What needs to be done: Each entry needs to be restated exactly as written.
◆ ◆ ◆
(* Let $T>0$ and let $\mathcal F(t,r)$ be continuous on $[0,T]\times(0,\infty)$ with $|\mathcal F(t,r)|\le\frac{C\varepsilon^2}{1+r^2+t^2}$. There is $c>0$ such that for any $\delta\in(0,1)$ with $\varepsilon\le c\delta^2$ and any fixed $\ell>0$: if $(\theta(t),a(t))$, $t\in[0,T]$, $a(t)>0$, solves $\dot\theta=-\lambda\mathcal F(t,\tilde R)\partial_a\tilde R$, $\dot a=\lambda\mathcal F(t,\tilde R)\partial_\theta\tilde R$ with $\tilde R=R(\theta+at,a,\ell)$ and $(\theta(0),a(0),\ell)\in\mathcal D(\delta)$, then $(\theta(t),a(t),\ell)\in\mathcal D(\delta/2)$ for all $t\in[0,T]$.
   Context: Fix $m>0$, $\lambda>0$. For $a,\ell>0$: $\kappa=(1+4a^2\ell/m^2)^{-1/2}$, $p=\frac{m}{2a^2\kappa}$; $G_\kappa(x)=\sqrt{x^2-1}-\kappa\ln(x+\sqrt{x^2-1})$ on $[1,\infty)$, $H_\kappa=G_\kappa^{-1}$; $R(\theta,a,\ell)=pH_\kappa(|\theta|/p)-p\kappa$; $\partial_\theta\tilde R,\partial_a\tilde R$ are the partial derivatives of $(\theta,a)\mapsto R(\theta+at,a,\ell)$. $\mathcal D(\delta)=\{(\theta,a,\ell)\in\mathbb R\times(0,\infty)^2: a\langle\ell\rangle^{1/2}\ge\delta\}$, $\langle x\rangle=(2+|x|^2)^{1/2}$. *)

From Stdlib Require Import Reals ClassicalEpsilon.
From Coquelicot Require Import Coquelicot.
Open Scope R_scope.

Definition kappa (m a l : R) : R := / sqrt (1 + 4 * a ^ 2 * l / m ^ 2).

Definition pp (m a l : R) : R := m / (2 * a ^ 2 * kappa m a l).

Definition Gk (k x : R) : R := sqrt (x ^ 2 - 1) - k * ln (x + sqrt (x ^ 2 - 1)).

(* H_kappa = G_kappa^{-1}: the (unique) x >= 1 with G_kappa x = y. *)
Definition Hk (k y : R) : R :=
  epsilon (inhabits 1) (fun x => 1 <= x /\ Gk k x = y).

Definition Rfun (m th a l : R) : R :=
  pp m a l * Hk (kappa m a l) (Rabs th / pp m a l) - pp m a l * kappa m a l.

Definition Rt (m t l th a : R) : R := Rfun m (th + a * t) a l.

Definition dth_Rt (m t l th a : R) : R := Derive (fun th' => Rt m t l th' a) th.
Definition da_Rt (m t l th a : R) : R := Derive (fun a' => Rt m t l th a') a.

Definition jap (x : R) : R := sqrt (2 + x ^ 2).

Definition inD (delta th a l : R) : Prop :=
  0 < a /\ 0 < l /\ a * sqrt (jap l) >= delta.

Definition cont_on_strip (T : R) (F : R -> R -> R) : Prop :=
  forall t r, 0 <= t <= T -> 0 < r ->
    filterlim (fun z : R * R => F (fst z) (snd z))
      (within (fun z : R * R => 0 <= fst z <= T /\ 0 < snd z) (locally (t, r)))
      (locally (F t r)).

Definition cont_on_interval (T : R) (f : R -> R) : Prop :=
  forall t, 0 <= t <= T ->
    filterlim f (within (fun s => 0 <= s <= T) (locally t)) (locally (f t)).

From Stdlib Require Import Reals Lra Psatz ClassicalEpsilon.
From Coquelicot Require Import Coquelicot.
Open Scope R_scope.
◆ ◆ ◆
Answer section:
(* Let $T>0$ and let $\mathcal F(t,r)$ be continuous on $[0,T]\times(0,\infty)$ with $|\mathcal F(t,r)|\le\frac{C\varepsilon^2}{1+r^2+t^2}$. There is $c>0$ such that for any $\delta\in(0,1)$ with $\varepsilon\le c\delta^2$ and any fixed $\ell>0$: if $(\theta(t),a(t))$, $t\in[0,T]$, $a(t)>0$, solves $\dot\theta=-\lambda\mathcal F(t,\tilde R)\partial_a\tilde R$, $\dot a=\lambda\mathcal F(t,\tilde R)\partial_\theta\tilde R$ with $\tilde R=R(\theta+at,a,\ell)$ and $(\theta(0),a(0),\ell)\in\mathcal D(\delta)$, then $(\theta(t),a(t),\ell)\in\mathcal D(\delta/2)$ for all $t\in[0,T]$.
   Context: Fix $m>0$, $\lambda>0$. For $a,\ell>0$: $\kappa=(1+4a^2\ell/m^2)^{-1/2}$, $p=\frac{m}{2a^2\kappa}$; $G_\kappa(x)=\sqrt{x^2-1}-\kappa\ln(x+\sqrt{x^2-1})$ on $[1,\infty)$, $H_\kappa=G_\kappa^{-1}$; $R(\theta,a,\ell)=pH_\kappa(|\theta|/p)-p\kappa$; $\partial_\theta\tilde R,\partial_a\tilde R$ are the partial derivatives of $(\theta,a)\mapsto R(\theta+at,a,\ell)$. $\mathcal D(\delta)=\{(\theta,a,\ell)\in\mathbb R\times(0,\infty)^2: a\langle\ell\rangle^{1/2}\ge\delta\}$, $\langle x\rangle=(2+|x|^2)^{1/2}$. *)

From Stdlib Require Import Reals ClassicalEpsilon.
From Coquelicot Require Import Coquelicot.
Open Scope R_scope.

Definition kappa (m a l : R) : R := / sqrt (1 + 4 * a ^ 2 * l / m ^ 2).

Definition pp (m a l : R) : R := m / (2 * a ^ 2 * kappa m a l).

Definition Gk (k x : R) : R := sqrt (x ^ 2 - 1) - k * ln (x + sqrt (x ^ 2 - 1)).

(* H_kappa = G_kappa^{-1}: the (unique) x >= 1 with G_kappa x = y. *)
Definition Hk (k y : R) : R :=
  epsilon (inhabits 1) (fun x => 1 <= x /\ Gk k x = y).

Definition Rfun (m th a l : R) : R :=
  pp m a l * Hk (kappa m a l) (Rabs th / pp m a l) - pp m a l * kappa m a l.

Definition Rt (m t l th a : R) : R := Rfun m (th + a * t) a l.

Definition dth_Rt (m t l th a : R) : R := Derive (fun th' => Rt m t l th' a) th.
Definition da_Rt (m t l th a : R) : R := Derive (fun a' => Rt m t l th a') a.

Definition jap (x : R) : R := sqrt (2 + x ^ 2).

Definition inD (delta th a l : R) : Prop :=
  0 < a /\ 0 < l /\ a * sqrt (jap l) >= delta.

Definition cont_on_strip (T : R) (F : R -> R -> R) : Prop :=
  forall t r, 0 <= t <= T -> 0 < r ->
    filterlim (fun z : R * R => F (fst z) (snd z))
      (within (fun z : R * R => 0 <= fst z <= T /\ 0 < snd z) (locally (t, r)))
      (locally (F t r)).

Definition cont_on_interval (T : R) (f : R -> R) : Prop :=
  forall t, 0 <= t <= T ->
    filterlim f (within (fun s => 0 <= s <= T) (locally t)) (locally (f t)).

From Stdlib Require Import Reals Lra Psatz ClassicalEpsilon.
From Coquelicot Require Import Coquelicot.
Open Scope R_scope.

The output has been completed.